Does the derivative with respect to a matrix have a Kronecker product matrix representation?

Question

I'm confused why I end up with two matrices that are transposes of each other when I take a tensor inner product of a third order tensor with a vector, when I use two different Kronecker product matrix tensor representations that I believe are equal.
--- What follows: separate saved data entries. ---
From HB Require Import structures.
From mathcomp Require Import all_boot all_order all_algebra all_fingroup.
From mathcomp Require Import all_classical all_reals all_analysis.
From mathcomp Require Import ring lra.
Import Order.TTheory GRing.Theory Num.Theory.

Set Implicit Arguments. Unset Strict Implicit. Unset Printing Implicit Defensive.
Local Open Scope ring_scope.

(* Valiant load balancing on the discrete torus (Z/m)^h, whose N = m^h points
   label the nodes.  During each period of T = h m steps the schedule applies
   every elementary hop "add s to coordinate j" once, so a walk that takes
   exactly the hops selected by a displacement x moves by x in one period.  A
   packet from a to b picks x uniformly, moves by x in the first period and by
   b - a - x in the second, hence has latency 2hm.  For a fixed physical edge
   at time t and a fixed departure delay k < 2T, only the fraction 1/m of
   displacements selecting the hop at t can use the edge, and given such a
   displacement the edge determines the source (first phase) or the destination
   (second phase); row resp. column sums of the demand bound the load of each
   delay by r/m, and the total load by 2Tr/m = 2hr <= 1.  Since N^(1/h) = m,
   the latency 2hm is at most (2 / eps^(1/h)) L*(r, N) for h = h(r). *)

Section esum_finite.
Variable R : realType.
Local Open Scope ereal_scope.

Lemma esum_point_masses (T : choiceType) (X : finType) (S : set T)
    (p : X -> T) (c : X -> R) : (forall x, (0 <= c x)%R) ->
  \esum_(y in S) (\sum_(x : X) c x * (y == p x)%:R)%:E =
  (\sum_(x : X) c x * (p x \in S)%:R)%:E.
Proof.
move=> c0; under eq_esum => y _ do rewrite -sumEFin.
rewrite esum_sum => [|y x _ _]; last by rewrite lee_fin mulr_ge0.
rewrite -sumEFin; apply: eq_bigr => x _.
rewrite esum_mkcond (eq_esum (b := fun y => if y \in [set p x]%classic then
    (c x * (p x \in S)%:R)%:E else 0)) => [|y _]; last first.
  by rewrite in_set1; case: eqP => [->|_]; case: (_ \in S); rewrite ?mulr1 ?mulr0.
by rewrite -esum_mkcond esum_set1 // lee_fin mulr_ge0.
Qed.

Lemma exchange_esum (T1 T2 : choiceType) (I : set T1) (J : set T2)
    (a : T1 -> T2 -> \bar R) : (forall i j, 0 <= a i j) ->
  \esum_(i in I) \esum_(j in J) a i j = \esum_(j in J) \esum_(i in I) a i j.
Proof.
move=> a0; rewrite (esum_esum (J := fun=> J)) // (esum_esum (J := fun=> I)) //.
rewrite (reindex_esum (J `*`` fun=> I) _ (fun x => (x.2, x.1))) //.
split=> //=.
- by move=> [i j] [/= ? ?].
- by move=> [i1 i2] [j1 j2] /= _ _ [] -> ->.
- by move=> [i1 i2] [? ?] /=; exists (i2, i1).
Qed.

Lemma esum_finite_support (T : choiceType) (I : finType) (g : I -> T)
    (a : T -> \bar R) : injective g -> (forall y, 0 <= a y) ->
  (forall y, ~ range g y -> a y = 0) ->
  \esum_(y in [set: T]) a y = \sum_(i : I) a (g i).
Proof.
move=> g_inj a0 a_out.
rewrite (eq_esum (b := fun y => if y \in range g then a y else 0)); last first.
  by move=> y _; case: ifPn => // /negP gy; rewrite a_out // => /mem_set.
rewrite -esum_mkcond esum_image; last by move=> i j _ _; apply: g_inj.
rewrite esum_fset //; last exact: finite_finset.
rewrite (fsbigE (enum I)) ?enum_uniq // => [|i _]; last by rewrite mem_enum.
by rewrite big_enum_cond /=; apply: eq_bigl => i; rewrite in_setT.
Qed.

End esum_finite.

Lemma sum_ord_rot (V : nmodType) (n u : nat) (F : nat -> V) : (0 < n)%N ->
  \sum_(k < n) F ((u + k) %% n)%N = \sum_(k < n) F k.
Proof.
move=> n_gt0; pose rot (k : 'I_n) : 'I_n := Ordinal (ltn_pmod (u + k) n_gt0).
have rot_inj : injective rot.
  move=> k1 k2 /(congr1 val) /= /eqP; rewrite eqn_modDl !modn_small // => /eqP.
  exact: val_inj.
by rewrite [RHS](reindex_inj rot_inj).
Qed.

Lemma card_ffun_fiber (A B : finType) (a : A) (b : B) :
  (#|[pred x : {ffun A -> B} | x a == b]| * #|B|)%N = #|{ffun A -> B}|.
Proof.
pose F (k : A) : pred B := if k == a then pred1 b else predT.
have -> : #|[pred x : {ffun A -> B} | x a == b]| = #|family F|.
  apply: eq_card => x; rewrite !inE; apply/idP/familyP => [/eqP xa k|/(_ a)].
    by rewrite /F; case: eqP => [->|]; rewrite ?xa /= ?inE.
  by rewrite /F eqxx.
rewrite card_family card_ffun foldrE big_map big_enum /= (bigD1 a) //= /F eqxx.
rewrite (eq_bigr (fun _ => #|B|)) => [|k /negbTE ->] //.
rewrite card1 mul1n prod_nat_const -expnSr [in RHS](cardD1 a) inE add1n.
by congr (_ ^ _.+1)%N; apply: eq_card => k; rewrite !inE andbT.
Qed.

Lemma demand_fiber_le (R : numDomainType) (X : finType) (n : nat)
    (D : 'I_n -> 'I_n -> R) (r : R) (E : 'I_n -> 'I_n -> X -> bool)
    (p : pred X) (f : X -> 'I_n) :
  0 <= r -> (forall a b, 0 <= D a b) -> (forall a, \sum_b D a b <= r) ->
  (forall a b x, E a b x -> p x && (a == f x)) ->
  \sum_a \sum_b \sum_(x : X) D a b * (E a b x)%:R <= r * #|p|%:R.
Proof.
move=> r_ge0 D_ge0 D_row E_fiber; pose c a x : R := (p x && (a == f x))%:R.
have c_ge0 a x : 0 <= c a x by rewrite ler0n.
apply: (@le_trans _ _ (\sum_a \sum_b \sum_(x : X) D a b * c a x)).
  apply: ler_sum => a _; apply: ler_sum => b _; apply: ler_sum => x _.
  apply: ler_wpM2l => //; case: (boolP (E a b x)) => [/E_fiber|_]; last exact: c_ge0.
  by rewrite /c => ->.
apply: (@le_trans _ _ (\sum_a \sum_(x : X) r * c a x)).
  apply: ler_sum => a _; rewrite exchange_big /=; apply: ler_sum => x _.
  by rewrite -mulr_suml ler_wpM2r.
rewrite exchange_big /=; under eq_bigr do rewrite -mulr_sumr.
rewrite -mulr_sumr -sum1_card natr_sum.
apply: ler_wpM2l => //; rewrite [leRHS]big_mkcond; apply: ler_sum => x _.
rewrite (bigD1 (f x)) //= /c eqxx andbT big1 => [|a /negbTE ->]; last by rewrite andbF.
by rewrite addr0 unfold_in; case: (p x).
Qed.

Section TorusDesign.
Variables h' m' : nat.
Local Notation h := h'.+1.
Local Notation m := m'.+1.

Definition torus := {ffun 'I_h -> 'I_m}.
Local Notation N := #|torus|.

Definition period := (h * m)%N.

Definition label (i : 'I_N) : torus := enum_val i.
Definition node (g : torus) : 'I_N := enum_rank g.

Lemma labelK : cancel label node. Proof. exact: enum_valK. Qed.
Lemma nodeK : cancel node label. Proof. exact: enum_rankK. Qed.
Lemma label_inj : injective label. Proof. exact: can_inj labelK. Qed.

Lemma card_torus : N = (m ^ h)%N.
Proof. by rewrite card_ffun !card_ord. Qed.

Lemma card_torus_gt0 : (0 < N)%N.
Proof. by rewrite card_torus expn_gt0. Qed.

Lemma period_gt0 : (0 < period)%N. Proof. by rewrite muln_gt0. Qed.

Definition phase (t : int) : nat := absz (t %% period%:Z)%Z.
Definition hop_coord (u : nat) : 'I_h := inord (u %/ m).
Definition hop_value (u : nat) : 'I_m := inord (u %% m).
(* At phase j * m + s of the period, every node moves by s along coordinate j. *)
Definition hop (u : nat) : torus :=
  [ffun j => if j == hop_coord u then hop_value u else 0].

Definition translate (g : torus) (i : 'I_N) : 'I_N := node (label i + g).

Lemma translate_inj g : injective (translate g).
Proof. by move=> i j /(congr1 label); rewrite !nodeK => /addIr /label_inj. Qed.

Definition torus_sched (t : int) : {perm 'I_N} :=
  perm (@translate_inj (hop (phase t))).

Definition uses_hop (t : int) (x : torus) : bool :=
  x (hop_coord (phase t)) == hop_value (phase t).

Fixpoint hop_bits (t : int) (x : torus) (n : nat) : seq bool :=
  if n is n'.+1 then uses_hop t x :: hop_bits (t + 1) x n' else [::].

Fixpoint displacement (t : int) (st : seq bool) : torus :=
  if st is b :: st' then (if b then hop (phase t) else 0) + displacement (t + 1) st'
  else 0.

(* Edge kinds of the walk that moves by x during the period starting at t and
   then by label b - label a - x during the next period. *)
Definition vlb_path (a b : 'I_N) (t : int) (x : torus) : vpath N :=
  (a, t, hop_bits t x period ++ hop_bits (t + period%:Z) (label b - label a - x) period).

Lemma addzS (t : int) (k : nat) : t + k.+1%:Z = t + 1 + k%:Z.
Proof. by rewrite -addn1 PoszD addrA addrAC. Qed.

Lemma label_torus_sched t i : label (torus_sched t i) = label i + hop (phase t).
Proof. by rewrite permE /translate nodeK. Qed.

Lemma label_walk_end i t st :
  label (walk_end torus_sched i t st) = label i + displacement t st.
Proof.
elim: st i t => [|b st IH] i t /=; first by rewrite addr0.
by rewrite IH; case: b; rewrite ?label_torus_sched ?add0r ?addrA.
Qed.

Lemma mem_walk_edges i t st i' t' :
  (i', t', true) \in walk_edges torus_sched i t st ->
  exists2 k, (k < size st)%N &
    [/\ nth false st k, t' = t + k%:Z & label i' = label i + displacement t (take k st)].
Proof.
elim: st i t => [|b st IH] i t //=; rewrite in_cons => /orP[/eqP [-> -> <-]|].
  by exists 0%N => //; split; rewrite ?addr0.
move=> /IH [k k_lt [st_k -> ->]]; exists k.+1 => //; split => //.
  by rewrite addzS.
by case: b; rewrite /= ?label_torus_sched ?add0r ?addrA.
Qed.

Lemma displacement_cat t st1 st2 :
  displacement t (st1 ++ st2) = displacement t st1 + displacement (t + (size st1)%:Z) st2.
Proof.
elim: st1 t => [|b st IH] t /=; first by rewrite add0r addr0.
by rewrite IH addzS addrA.
Qed.

Lemma size_hop_bits t x n : size (hop_bits t x n) = n.
Proof. by elim: n t => //= n IH t; rewrite IH. Qed.

Lemma nth_hop_bits t x n k : (k < n)%N -> nth false (hop_bits t x n) k = uses_hop (t + k%:Z) x.
Proof.
elim: n t k => // n IH t [|k] /= k_lt; first by rewrite addr0.
by rewrite IH // addzS.
Qed.

Lemma displacement_hop_bits t x n : displacement t (hop_bits t x n) =
  \sum_(k < n) (if uses_hop (t + k%:Z) x then hop (phase (t + k%:Z)) else 0).
Proof.
elim: n t => [|n IH] t /=; first by rewrite big_ord0.
rewrite big_ord_recl /= addr0 IH; congr (_ + _); apply: eq_bigr => k _.
by rewrite /bump /= add1n addzS.
Qed.

Lemma phaseE t : (phase t)%:Z = (t %% period%:Z)%Z.
Proof. by rewrite /phase gez0_abs // modz_ge0. Qed.

Lemma phaseD t (k : nat) : phase (t + k%:Z) = ((phase t + k) %% period)%N.
Proof. by apply/eqP; rewrite -eqz_nat phaseE -modz_nat PoszD phaseE modzDml. Qed.

Lemma phase_periodic t : phase (t + period%:Z) = phase t.
Proof. by apply/eqP; rewrite -eqz_nat !phaseE modzDr. Qed.

Lemma hop_coordE u : (u < period)%N -> hop_coord u = (u %/ m)%N :> nat.
Proof. by move=> u_lt; rewrite /hop_coord inordK // ltn_divLR // mulnC. Qed.

Lemma hop_valueE u : hop_value u = (u %% m)%N :> nat.
Proof. by rewrite /hop_value inordK // ltn_pmod. Qed.

(* The phases of a period enumerate the pairs (j, s) as j * m + s, each once. *)
Lemma sum_selected_hops (x : torus) :
  \sum_(u < period) (if x (hop_coord u) == hop_value u then hop u else 0) = x.
Proof.
apply/ffunP => j; rewrite sum_ffunE.
have u_lt : (j * m + x j < period)%N.
  apply: (@leq_trans (j.+1 * m)); first by rewrite mulSn addnC ltn_add2r.
  by rewrite leq_mul2r ltn_ord orbT.
have coord_u : hop_coord (j * m + x j) = j.
  by apply: val_inj; rewrite /= hop_coordE // divnMDl // divn_small // addn0.
have value_u : hop_value (j * m + x j) = x j.
  by apply: val_inj; rewrite /= hop_valueE modnMDl modn_small.
rewrite (bigD1 (Ordinal u_lt)) //= coord_u value_u eqxx ffunE coord_u eqxx.
rewrite big1 ?addr0 // => u u_neq; case: ifP => [/eqP xu|_]; last by rewrite ffunE.
rewrite ffunE; case: ifP => // /eqP ju; case/eqP: u_neq; apply: val_inj => /=.
by rewrite [LHS](divn_eq u m) -(@hop_coordE u (ltn_ord u)) -hop_valueE -xu -ju.
Qed.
Let $A$ be a matrix and $x$ and $y$ be vectors. Using index notation, $$ y_i = A_{ip}x_p $$ $$ \begin{aligned} \frac{\partial{y_i}}{\partial{A_{jk}}} &= \frac{\partial{(A_{jk}}x_p)}{\partial{A_{jk}}} \\ &= \delta_{ij}\delta_{pk}x_p \\ &= \delta_{ij}x_p \end{aligned} $$ So, the derivative is a third order tensor, and with $\otimes$ the tensor product $$ \frac{\partial{y}}{\partial{A}} = I \otimes x $$ But since $$ \delta_{ij}x_p = x_p\delta_{ij} $$

$$ \frac{\partial{y}}{\partial{A}} = x \otimes I $$ But the tensor product is not commutative. Also, the Kronecker product representations are different. For example, assume $x$ is $2 \times1$ and $I$ is $2 \times 2$. $$ x_p\delta_{ij} = \begin{bmatrix}x_1 \\ x_2\end{bmatrix} \otimes \begin{bmatrix} 1 & 0 \\ 0 & 1 \end{bmatrix} = \begin{bmatrix} x_1 & 0 \\ 0 & x_1 \\ x_2 & 0 \\ 0 & x_2 \end{bmatrix} = A_{pij} $$ $$ \delta_{ij}x_p = \begin{bmatrix} 1 & 0 \\ 0 & 1 \end{bmatrix} \otimes \begin{bmatrix}x_1 \\ x_2\end{bmatrix} = \begin{bmatrix} x_1 & 0 \\ x_2 & 0 \\ 0 & x_1 \\ 0 & x_2 \end{bmatrix} = B_{ijp} $$

If I now take a tensor inner product of $A$ or $B$ with $z$ a $2 \times 1$ matrix. $$ \begin{aligned} (x \otimes I) \cdotp z &= A_{pij}z_k\delta_{jk} \\&= A_{pij}z_j \\&= C_{pi} \\&= \begin{bmatrix} A_{111}z_1 + A_{112}z_2 & A_{121}z_1 + A_{122}z_2 \\ A_{211}z_1 + A_{212}z_2 & A_{221}z_1 + A_{222}z_2 \end{bmatrix} \\&= \begin{bmatrix} x_1z_1 & x_1z_2 \\ x_2z_1 & x_2z_2 \end{bmatrix} \\&= xz^T \end{aligned} $$

$$ \begin{aligned} (I \otimes x) \cdotp z &= z_kB_{ijp}\delta_{ik} \\&= z_iB_{ijp} \\&= D_{jp} \\&= \begin{bmatrix} z_1B_{111} + z_2B_{211} & z_1B_{112} + z_2B_{212} \\ z_1B_{121} + z_2B_{221} & z_1B_{122} + z_2B_{222} \\ \end{bmatrix} \\&= \begin{bmatrix} z_1x_1 & z_1x_2 \\ z_2x_1 & z_2x_2 \end{bmatrix} \\&= zx^T \end{aligned} $$

Does it even make sense to represent a third order tensor with a Kronecker product, and what am I missing?

Answer 1

Lets try to use index notation: $$ y_i = {A^p}_i x_p $$ So, for example, $$ \begin{bmatrix} y_1 \\ y_2 \end{bmatrix} = \begin{bmatrix} {A^1}_1 & {A^2}_1 \\ {A^1}_2 & {A^2}_2 \end{bmatrix} \begin{bmatrix} x_1 \\ x_2 \end{bmatrix} $$ Now we write the differential, $$ dy_i = d{A^p}_i x_p = \delta^p_{p'}\delta^{i'}_i x_p d{A^{p'}}_{i'} = \delta^{i'}_i x_{p'} d{A^{p'}}_{i'} $$ and, as expected, $\partial y /\partial A$ is a third order tensor $\delta^{i'}_i x_{p'}$.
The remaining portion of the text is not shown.